Just so that there are as few misunderstandings as possible going forward, I will excerpt your entire response below and include my responses to it via inline remarks. You can find these responses by searching for ***IM***.
Infidelis Maximus said: I never said everything was worth reading.
I never said you said that. Next.
***IM***
But you felt the need to make an obvious point (in your “essential background”) that would only have made sense if I had: “We have to decide what to ignore, and where to focus our time, if we really want to learn anything useful in any historical subject, whether that or any other.” No kidding? I was already well aware of the fact that not everything is worth reading. The point you make here was not “essential” at all, but comes across as condescending.
***IM***
Infidelis Maximus said: You think people like Graves and Lloyd Graham actually offer "next to no help in getting at the truth?" Is that what you’re saying?

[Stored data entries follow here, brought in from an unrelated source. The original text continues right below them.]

Theorem theorem2p8 (K : fieldType) (U V : vectType K)
  (T : {pred 'Hom(U, V)})
  (T0 : 0 \in T) (TB : forall s t, s \in T -> t \in T -> s - t \in T)
  (S : {vspace 'Hom(U, V)}) (ST : forall s, s \in S -> s \in T)
  (codimS : (\dim {:'Hom(U, V)} - \dim S + 2 <= \dim {:V})%N)
  (F : 'Hom(U, V) -> V)
  (Fadd : forall s t, s \in T -> t \in T -> F (s + t) = F s + F t)
  (Frc : range_compatible T F) :
  is_local T F.
Proof. exact: (locality_by_dim erefl T0 TB ST codimS Fadd Frc). Qed.
(* $\mathrm{GL}_6(\mathbb{F}_2)$ does not contain a subgroup isomorphic to $\mathrm{PSL}_2(\mathbb{F}_8)\times C_2$. *)

From mathcomp Require Import all_boot all_algebra all_fingroup all_solvable all_field.
Set Implicit Arguments. Unset Strict Implicit. Unset Printing Implicit Defensive.
Import GRing.Theory.
Local Open Scope ring_scope.
Local Open Scope group_scope.

Definition SL2 (F : finFieldType) : {set {'GL_2[F]}} :=
  [set g : {'GL_2[F]} | \det (GLval g) == 1%R].

Definition PSL2 (F : finFieldType) := (SL2 F / 'Z(SL2 F))%g.

From mathcomp Require Import all_boot all_algebra all_fingroup all_solvable all_field.
From mathcomp Require Import all_character ring zify.
Set Implicit Arguments. Unset Strict Implicit. Unset Printing Implicit Defensive.
Import GRing.Theory.

(* PSL_2(F_8) has an element of order 9: the image of the companion matrix of
   X^2 - tX + 1 for a root t of t^3 - 3t + 1, the minimal polynomial of
   2 cos(2 pi / 9).  So it suffices that an element x of order 9 and an
   involution y never commute in GL_6(F_2).  The group <x> acts freely on the
   vectors not fixed by x^3, hence 9 divides the number of such vectors in any
   x-stable set.  On all of F_2^6 this reads 9 | 2^6 - 2^r, r < 6 being the
   dimension of the fixed space of x^3, which forces r = 0.  The fixed space of
   y is x-stable, and its dimension s satisfies 0 < s < 6 because
   (y - 1)^2 = 0; now 9 | 2^s - 1 is impossible. *)

Section CyclicPGroups.

Local Open Scope group_scope.

Variable gT : finGroupType.

Lemma order_pfactor (x : gT) p k : prime p ->
  x ^+ (p ^ k.+1) = 1 -> x ^+ (p ^ k) != 1 -> #[x] = (p ^ k.+1)%N.
Proof.
move=> p_pr /eqP; rewrite -!order_dvdn => /(dvdn_pfactor _ _ p_pr)[j le_jk ->].
rewrite dvdn_Pexp2l ?prime_gt1 // -ltnNge => lt_kj.
by rewrite (@anti_leq j k.+1) ?le_jk.
Qed.

Lemma mem_nt_sub_cycle_pfactor (x : gT) p k (K : {group gT}) :
  prime p -> #[x] = (p ^ k.+1)%N -> K \subset <[x]> -> K :!=: 1 -> x ^+ (p ^ k) \in K.
Proof.
move=> p_pr ox sKx ntK.
have pK : p.-group K by apply: pgroupS sKx _; rewrite /pgroup -orderE ox pnatX pnat_id.
have [_ p_dv_K _] := pgroup_pdiv pK ntK.
have [y Ky oy] := Cauchy p_pr p_dv_K.
have : <[y]>%G \in [set H : {group gT} | H \subset <[x]> & #|H| == p].
  by rewrite inE -orderE oy eqxx andbT cycle_subG (subsetP sKx).
rewrite cycle_sub_group; last by rewrite ox dvdn_exp.
rewrite ox expnS mulKn ?prime_gt0 // => /set1P/(congr1 val)/= yx.
by apply: subsetP (cycle_id _); rewrite -yx cycle_subG.
Qed.

End CyclicPGroups.

Section CyclicActions.

Local Open Scope group_scope.

Variables (aT : finGroupType) (D : {group aT}) (rT : finType).
Variable to : action D rT.

Lemma acts_cycle_afix1 x a :
  x \in D -> a \in D -> commute x a -> [acts <[x]>, on 'Fix_to[a] | to].
Proof.
move=> Dx Da cxa; have := acts_subnorm_fix to [set a].
rewrite [D :&: [set a]](setIidPr _) ?sub1set // => /(subset_trans _); apply.
by rewrite cycle_subG inE Dx; apply/cent1P.
Qed.

Lemma dvdn_card_setD_afix p k x (S : {set rT}) :
    prime p -> x \in D -> #[x] = (p ^ k.+1)%N -> [acts <[x]>, on S | to] ->
  (p ^ k.+1 %| #|S :\: 'Fix_to[x ^+ (p ^ k)]|)%N.
Proof.
move=> p_pr Dx ox actsS.
have actsSF : [acts <[x]>, on S :\: 'Fix_to[x ^+ (p ^ k)] | to].
  by apply: actsD => //; apply: acts_cycle_afix1; rewrite ?groupX //; apply: commuteX.
rewrite -(acts_sum_card_orbit actsSF); apply: dvdn_sum => _ /imsetP[v /setDP[_ nfix_v] ->].
have regular_v : 'C_<[x]>[v | to] = 1.
  apply/eqP; apply: contraR nfix_v => ntC.
  have := mem_nt_sub_cycle_pfactor p_pr ox (subsetIl _ _) ntC.
  by rewrite !(inE, sub1set) => /and3P[].
by rewrite (card_orbit_in to v) ?cycle_subG // regular_v indexg1 -orderE ox.
Qed.

End CyclicActions.

Lemma exp2_subn_ndvd9 a b : (b < a < b + 6)%N -> ~~ (9 %| 2 ^ a - 2 ^ b)%N.
Proof.
case/andP => lt_ba; rewrite -(subnKC (ltnW lt_ba)) ltn_add2l expnD.
rewrite -{2}[(2 ^ b)%N]muln1 -mulnBr Gauss_dvdr ?coprimeXr // -subn_gt0 in lt_ba *.
by move: (a - b) lt_ba => [|[|[|[|[|[|d]]]]]].
Qed.

Lemma GL_expE (R : finComUnitRingType) n (g : {'GL_n[R]}) k :
  GLval (g ^+ k)%g = (GLval g ^+ k)%R.
Proof. by elim: k => [|k IHk]; rewrite ?expg0 ?expr0 // expgS exprS GL_ME IHk. Qed.

Section GLFixedSpaces.

Local Open Scope group_scope.
Local Open Scope ring_scope.

Variables (F : finFieldType) (n' : nat).
Local Notation n := n'.+1.
Local Notation GLact := (mx_repr_action (GLrepr F n')).

Lemma afix_GL (g : {'GL_n[F]}) : 'Fix_GLact[g] = rowg (kermx (GLval g - 1)).
Proof.
apply/setP => v; rewrite mem_rowg sub_kermx mulmxBr mulmx1 subr_eq0.
by apply/afix1P/eqP; rewrite /= mx_repr_actE ?inE.
Qed.

Lemma rank_kermx_ltn (A : 'M[F]_n) : (\rank (kermx A) < n)%N = (A != 0).
Proof. by rewrite mxrank_ker ltn_subrL andbT lt0n mxrank_eq0. Qed.

Lemma rank_kermx_gt0_sqr0 (A : 'M[F]_n) : A *m A = 0 -> (0 < \rank (kermx A))%N.
Proof.
move/mulmx0_rank_max; rewrite mxrank_ker subn_gt0.
by have := rank_leq_row A; lia.
Qed.

Lemma GL_involution_sub1_sqr0 (y : {'GL_n[F]}) :
  2%N \in [pchar F] -> (y ^+ 2)%g = 1%g -> (GLval y - 1) *m (GLval y - 1) = 0.
Proof.
move=> pchar2 y2; rewrite mulmxE -expr2 sqrrB1 -GL_expE y2 GL_1E.
rewrite -scaler_nat (pcharf0 pchar2) scale0r subr0.
by rewrite -mulr2n -scaler_nat (pcharf0 pchar2) scale0r.
Qed.

End GLFixedSpaces.

Section GL6F2.

Local Open Scope group_scope.

Lemma GL6_F2_order9_not_commute_involution (x y : {'GL_6['F_2]}) :
  #[x]%g = 9%N -> #[y]%g = 2%N -> ~ commute x y.
Proof.
move=> ox oy cxy; pose to := mx_repr_action (GLrepr 'F_2 5).
have GL_mem (g : {'GL_6['F_2]}) : g \in 'GL_6['F_2] by rewrite inE.
have dvd9 S : [acts <[x]>, on S | to] -> (9 %| #|S :\: 'Fix_to[x ^+ 3]|)%N.
  exact: (@dvdn_card_setD_afix _ _ _ to 3 1).
have fix_x3 : 'Fix_to[x ^+ 3] = 1%g.
  rewrite afix_GL; set r := \rank (kermx (GLval (x ^+ 3) - 1)%R).
  have r_lt6 : (r < 6)%N.
    rewrite rank_kermx_ltn subr_eq0 -GL_1E val_eqE.
    by apply: contraTneq isT => x3; have := order_dvdn x 3; rewrite x3 eqxx ox.
  have actsT : [acts <[x]>, on setT | to].
    by apply/subsetP => g _; rewrite !inE /=; apply/subsetP => v; rewrite !inE.
  have := dvd9 _ actsT; rewrite setTD cardsCs setCK card_mx card_Fp //.
  rewrite afix_GL card_rowg card_Fp // -/r => dvd9_r.
  have /eqP : r = 0%N.
    apply/eqP; rewrite -leqn0 leqNgt; apply: contraL dvd9_r => r_gt0.
    by apply: exp2_subn_ndvd9; lia.
  by rewrite mxrank_eq0 => /eqP ->; rewrite rowg0.
have s_gt0 : (0 < \rank (kermx (GLval y - 1)%R))%N.
  apply/rank_kermx_gt0_sqr0/GL_involution_sub1_sqr0; first exact: pchar_Fp.
  by rewrite -(expg_order y) oy.
have s_lt6 : (\rank (kermx (GLval y - 1)%R) < 6)%N.
  by rewrite rank_kermx_ltn subr_eq0 -GL_1E val_eqE -order_eq1 oy.
have := dvd9 _ (acts_cycle_afix1 to (GL_mem x) (GL_mem y) cxy).
rewrite fix_x3 afix_GL cardsD (setIidPr (sub1G _)) cards1 card_rowg card_Fp //.
by rewrite -[X in (_ - X)%N](expn0 2); apply/negP/exp2_subn_ndvd9; rewrite s_gt0 s_lt6.
Qed.

End GL6F2.

Section TwoByTwo.

Local Open Scope ring_scope.

Variable R : comNzRingType.

Definition mx2 (a b c d : R) : 'M[R]_2 :=
  \matrix_(i < 2, j < 2) if i == 0 :> nat then (if j == 0 :> nat then a else b)
                         else (if j == 0 :> nat then c else d).

Lemma mx2_mul a b c d a' b' c' d' :
  mx2 a b c d *m mx2 a' b' c' d' =
  mx2 (a * a' + b * c') (a * b' + b * d') (c * a' + d * c') (c * b' + d * d').
Proof.
apply/matrixP => i j; rewrite !mxE !big_ord_recr big_ord0 /= !mxE /= add0r.
by case: i => [[|[|i]] Hi] //=; case: j => [[|[|j]] Hj].
Qed.

Lemma mx2_1 : mx2 1 0 0 1 = 1 :> 'M[R]_2.
Proof.
apply/matrixP => i j; rewrite !mxE.
by case: i => [[|[|i]] Hi] //=; case: j => [[|[|j]] Hj].
Qed.

Lemma det_mx2 a b c d : \det (mx2 a b c d) = a * d - b * c.
Proof.
rewrite (expand_det_row _ 0) !big_ord_recr big_ord0 /= add0r /cofactor.
by rewrite !det_mx11 !mxE /= expr0 expr1 mul1r mulN1r mulrN mulrC [b * c]mulrC.
Qed.

End TwoByTwo.

Section CompanionOrder9.

Local Open Scope ring_scope.

Variables (R : comNzRingType) (t : R).
Hypothesis t_root : t ^+ 3 - 3%:R * t + 1 = 0.

Let t3 : t ^+ 3 = 3%:R * t - 1.
Proof. by rewrite -[RHS]add0r -t_root; ring. Qed.

Let M := mx2 0 (-1) 1 t.

Lemma companion_expr3 : M ^+ 3 = mx2 (- t) (1 - t ^+ 2) (t ^+ 2 - 1) (t - 1).
Proof. by rewrite !exprS expr0 mulr1 -!mulmxE !mx2_mul; congr mx2; ring: t3. Qed.

Lemma companion_expr9 : M ^+ 9 = 1.
Proof.
have M6 : M ^+ 6 = mx2 (t - 1) (t ^+ 2 - 1) (1 - t ^+ 2) (- t).
  by rewrite -[6%N]/(3 + 3)%N exprD companion_expr3 -mulmxE mx2_mul; congr mx2; ring: t3.
by rewrite -[9%N]/(6 + 3)%N exprD M6 companion_expr3 -mulmxE mx2_mul -mx2_1; congr mx2; ring: t3.
Qed.

Lemma companion_expr3_not_commute :
  3%:R != 0 :> R -> M ^+ 3 * mx2 1 1 0 1 != mx2 1 1 0 1 * M ^+ 3.
Proof.
move=> three_neq0; apply: contraNneq three_neq0.
rewrite companion_expr3 -!mulmxE !mx2_mul => /matrixP/(_ 0 0); rewrite !mxE /=.
rewrite mulr1 mulr0 addr0 !mul1r => /eqP; rewrite -subr_eq0 opprD addrA subrr add0r oppr_eq0.
move/eqP => t2_1; apply/eqP.
have -> : 3%:R = (2%:R * t - 1) * (2%:R * t + 1) - 4%:R * (t ^+ 2 - 1) :> R by ring.
have -> : 2%:R * t - 1 = t * (t ^+ 2 - 1) - (t ^+ 3 - 3%:R * t + 1) by ring.
by rewrite t_root t2_1 !(mulr0, subr0, mul0r).
Qed.

End CompanionOrder9.

Section F8.

Local Open Scope ring_scope.

Variable F : finFieldType.
Hypothesis hF : #|F| = 8%N.

Lemma pchar2_F8 : 2%N \in [pchar F].
Proof. exact: (@card_finPcharP _ 2 3). Qed.

Lemma F8_cubic_root : exists t : F, t ^+ 3 - 3%:R * t + 1 = 0.
Proof.
have /subsetPn[t _] : ~~ ([set: F] \subset [set 0; 1]).
  by apply/negP => /subset_leq_card; rewrite cardsT hF cards2; case: (_ != _).
rewrite !inE negb_or => /andP[t0 t1].
have t7 : t ^+ 7 = 1.
  by apply: (mulfI t0); rewrite -exprS mulr1 -hF expf_card.
have : (t - 1) * (t ^+ 3 - 3%:R * t + 1) * (t ^+ 3 - 3%:R * t ^+ 2 + 1) = 0.
  (* Over F_2 the three factors are those of X^7 - 1. *)
  have -> : (t - 1) * (t ^+ 3 - 3%:R * t + 1) * (t ^+ 3 - 3%:R * t ^+ 2 + 1) =
    t ^+ 7 - 1 + 2%:R * (2%:R * t - 7%:R * t ^+ 3 + 7%:R * t ^+ 4 - 2%:R * t ^+ 6) by ring.
  by rewrite t7 subrr (pcharf0 pchar2_F8) mul0r addr0.
move/eqP; rewrite !mulf_eq0 subr_eq0 (negbTE t1) /=.
case/orP => [/eqP | /eqP t_inv_root]; first by exists t.
exists t^-1; have -> : t^-1 ^+ 3 - 3%:R * t^-1 + 1 = (t ^+ 3 - 3%:R * t ^+ 2 + 1) / t ^+ 3.
  by field.
by rewrite t_inv_root mul0r.
Qed.

End F8.

Section SL2.

Local Open Scope group_scope.
Local Open Scope ring_scope.

Lemma group_set_SL2 (F : finFieldType) : group_set (SL2 F).
Proof.
apply/group_setP; split; first by rewrite inE GL_1E det1.
by move=> g h; rewrite !inE GL_ME det_mulmx => /eqP -> /eqP ->; rewrite mulr1.
Qed.

Canonical SL2_group (F : finFieldType) := Group (group_set_SL2 F).

Lemma SL2_of_det1 (F : finFieldType) (A : 'M[F]_2) :
  \det A = 1%R -> exists2 g, g \in SL2 F & GLval g = A.
Proof.
move=> detA; have uA : A \in unitmx by rewrite unitmxE detA unitr1.
by exists (Sub A uA : {'GL_2[F]}); rewrite ?inE SubK ?detA.
Qed.

Lemma PSL2_order9 (F : finFieldType) (t : F) :
    t ^+ 3 - 3%:R * t + 1 = 0 -> 3%:R != 0 :> F ->
  exists2 s, s \in PSL2 F & #[s]%g = 9%N.
Proof.
move=> t_root three_neq0.
have [m SLm mE] : exists2 m, m \in SL2 F & GLval m = mx2 0 (-1) 1 t.
  by apply: SL2_of_det1; rewrite det_mx2 mul0r sub0r mulN1r opprK.
have [u SLu uE] : exists2 u, u \in SL2 F & GLval u = mx2 1 1 0 1.
  by apply: SL2_of_det1; rewrite det_mx2 mul1r mulr0 subr0.
have Nm : m \in 'N('Z(SL2 F)).
  exact: subsetP (normal_norm (center_normal _)) m SLm.
exists (coset 'Z(SL2 F) m); first exact: mem_quotient.
apply: (@order_pfactor _ _ 3 1) => //; rewrite -morphX // ?expn1.
  have -> : (m ^+ 9)%g = 1%g.
    by apply: val_inj; change (GLval (m ^+ 9)%g = 1); rewrite GL_expE mE companion_expr9.
  by rewrite morph1.
apply: contra_neq (companion_expr3_not_commute t_root three_neq0).
move/(coset_idr (groupX _ Nm))/centerP => [_ /(_ u SLu) /(congr1 GLval)].
by rewrite [GLval (_ * u)]GL_ME [GLval (u * _)]GL_ME GL_expE mE uE.
Qed.

End SL2.

Theorem lemma3p21 (F : finFieldType) (hF : #|F| = 8) :
  ~ exists H : {group {'GL_6['F_2]}},
      (H \isog setX (PSL2 F) (Zp 2))%g.
Proof.
case=> H /isog_symr/isogP[f injf _].
have [t t_root] := F8_cubic_root hF.
have three_neq0 : (3%:R != 0 :> F)%R.
  by rewrite -[3%N]/(2 + 1)%N natrD (pcharf0 (pchar2_F8 hF)) add0r oner_neq0.
have [s PSLs os] := PSL2_order9 t_root three_neq0.
have Gs1 : ((s, 1) \in setX (PSL2 F) (Zp 2))%g by rewrite inE PSLs group1.
have G1c : ((1, Zp1) \in setX (PSL2 F) (Zp 2))%g by rewrite !inE group1.
apply: (@GL6_F2_order9_not_commute_involution (f (s, 1)%g) (f (1, Zp1)%g)).
- by rewrite order_injm // -[(s, 1)%g]/(pairg1 _ s) order_injm ?injm_pairg1 ?inE.
- rewrite order_injm // -[(1, Zp1)%g]/(pair1g _ Zp1) order_injm ?injm_pair1g ?inE //.
  exact: order_Zp1.
- rewrite /commute -!morphM //; congr (f _).
  by apply/eqP; rewrite xpair_eqE /= !mulg1 !mul1g !eqxx.
Qed.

I never said anything about Graham. As for Graves, yes, that is what I said about his book. Next.
***IM***
I mention Graham here because you said, “You recommend reading what actually misinforms people and offers next to no help to anyone in getting at the truth.” I mentioned Graves, Graham, and a couple others in my response to your original post over on my blog. I didn’t know who you were referring to exactly, but thought you might be bringing in the others. Regardless, we can focus only on Graves if you like.
Also, just to set the record straight, I _did not_ recommend reading Graves. I simply said that I felt he was not beneath being read. You are repeatedly misconstruing what I’ve said. I have only argued that, to a certain class of reader, Graves may indeed be worth reading.
***IM***
Infidelis Maximus said: Like a lot of books, they’re a mixed bag of truth and falsehood, correct and incorrect points. In both their cases, they happened to have quite an assortment of flaws. However, that doesn’t mean they have no value in getting at the truth. On the contrary, they at least inspire one to look further, and they open up new thought vistas that a mind clouded by years of Christian indoctrination might never have considered.
If the only value a book has is that it "inspires you to look further and opens vistas" then a good book that does that is better than a bad book that does that. That's my point: don't waste time on bad books, when you can get all the same benefits and a thousand times more by reading a good book instead.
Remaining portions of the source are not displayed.